The Morning Brew #540
Posted by Chris Alcock on Tuesday 16th February 2010 at 08:25 am | Tagged as: .NET, Development, Morning Brew
Software
- Announcing Spec Explorer 2010, Release 3.1! – The Spec Explorer Team announces the release of Spec Explorer 2010 release 3.1 which runs against the Visual Studio 2010 / .NET 4 Release Candidate. This release brings with it a rename for a number of the core attributes and classes, along with flexible naming support, improved status reporting, user defined post processing, and better help integration
- Pex 0.23.50215.2: Visual Studio 2010 RC support – Jonathan "Peli" de Halleux announces the latest release of Pex, which now supports the Visual Studio 2010 RC release, improving some of the IDE support, along with some bugfixes and two minor breaking changes.

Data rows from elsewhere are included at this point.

Lemma epath_cancel_rev {E x y p} : epath E x y p -> ep_homotopic E (rev p ++ p) [y].
Proof.
  intros Hp; rewrite <- (rev_involutive p) at 2; exact (epath_cancel (epath_rev Hp)).
Qed.

Definition trivial_pi1_map F E x : Prop := forall p, epath F x x p -> ep_homotopic E p [x].

Lemma homotopic_of_trivial_pi1_map F E x y p q :
  subrel F E -> F y y -> trivial_pi1_map F E x ->
  epath F x y p -> epath F x y q -> ep_homotopic E p q.
Proof.
  intros HFE Hy Htriv Hp Hq.
  rewrite <- (epath_unit_r E Hp), <- (epath_cancel_rev (epath_mono HFE Hq)), app_assoc.
  rewrite (Htriv _ (epath_app Hy Hp (epath_rev Hq))).
  exact (epath_unit_l E Hq).
Qed.

Lemma subrel_antitone (B : nat -> X -> X -> Prop) :
  (forall n, subrel (B (S n)) (B n)) -> forall i j, i <= j -> subrel (B j) (B i).
Proof. intros HB i j Hij; induction Hij; unfold subrel in *; auto. Qed.

Definition coherent (B : nat -> X -> X -> Prop) (P : nat -> list X) : Prop :=
  forall n, ep_homotopic (B n) (P n) (P (S n)).

Lemma coherent_le B P :
  (forall n, subrel (B (S n)) (B n)) -> coherent B P ->
  forall i j, i <= j -> ep_homotopic (B i) (P i) (P j).
Proof.
  intros HB HP i j Hij; induction Hij; [reflexivity|].
  rewrite IHHij; apply (ep_homotopic_mono (subrel_antitone B HB _ _ Hij)), HP.
Qed.

End EdgePaths.

Section UniformSpace.
Context {X : Type} (ent : (X -> X -> Prop) -> Prop).
Hypotheses (Hunif : is_uniformity ent) (Hcc : chain_connected ent).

- .NET Reflector, class browser, analyzer and decompiler for .NET – Red Gate release Version 6.0 of Reflector, in both free and Pro variants. This is the first major release since they acquired reflector, and brings with it .NET 4 support, integration with Visual Studio (minor in the free edition, significant in Pro). Pro licenses are £125. Bob Crambit has a short interview with the Red Gate Team taking you Behind the scenes with the developers of .NET Reflector 6 and .NET Reflector Pro –
Information
- Patch for VS 2010 RC Intellisense Crash Issue Now Available – Scott Guthrie highlights the availability of a patch for the Intellisense crashing issue experienced by a number of Visual Studio 2010 RC users who have USB connected external devices attached. Karl Shifflett also has a list of other know issues with the RC release, along with a few specifics for those developing Silverlight/WPF apps in his post Known Issues for Visual Studio 2010 Release Candidate
- ASP.NET 4.0, Part 2: New VS Project Templates – Dan Maharry continues his ASP.NET 4.0 exploration series with a look at some of the new web project templates available in Visual Studio 2010, focusing on the ’empty’ templates, and highlighting changes to others.
- ASP.NET MVC 2 Model Validation – Mickael Chambaud gives a brief introduction to the Model Validation features of ASP.NET MVC 2 showing a short (feature dense) model code sample, and how the validation manifests itself in the auto generated UI, and how you can implement your own validation.
- Introducing Sharpy – Jaco Pretorius announces a new View Engine for ASP.NET MVC. Sharpy is based on the PHP Smarty view engine, and aims to make it easier for developers and designers to work together on views. The project is licensed as MS-PL (Microsoft Permissive License) and hosted on CodePlex.
- CQRS is more work because of the read model? – Greg Young talks about the commonly (mis)held belief that a Command Query Responsibility Segregation based architecture results in more work as you have to create two models, and argues that it doesn’t necessary, it simply results in doing different work. Greg also responds to another difference when using Event Sourcing in his post Event Storage and Persistence Ignorance addressing a readers concern about persistence ignorance when using Event Sourcing.
- New Castle Windsor feature – typed arguments – Krzysztof Kozmic talks about the first new feature for Windsor 3.0, the ability to specify arguments using types rather than names, adding to the was in which inline dependencies can be declared.
- Windows Phone 7 Series: Now That’s More Like It! – Joey deVilla gives the low down on the newly announced Windows Phone 7, announced yesterday at Mobile World Congress in Barcelona, sharing the details of the User Experience, features, and press reaction, and linking to a number of videos which give a better feel for the device.
Community
- Jesse Liberty Tour of the UK and Ireland (#techdays) – Guy Smith-Ferrier highlights the ‘Jesse Liberty UK and Ireland Tour’, with Jesse giving a talk on Silverlight4, TDD, MVVM in Bristol, London, Cambridge, Leeds, Newcastle, Edinburgh, Glasgow, Belfast and Dublin during April this year.
Humour
- A twist of lemon – Eric Lippert digs out some coffee related C# humour from the minutes of an early design meeting about the C# language – how different our lives could be with data types short, tall and grande (speaking of which, its time for a coffee).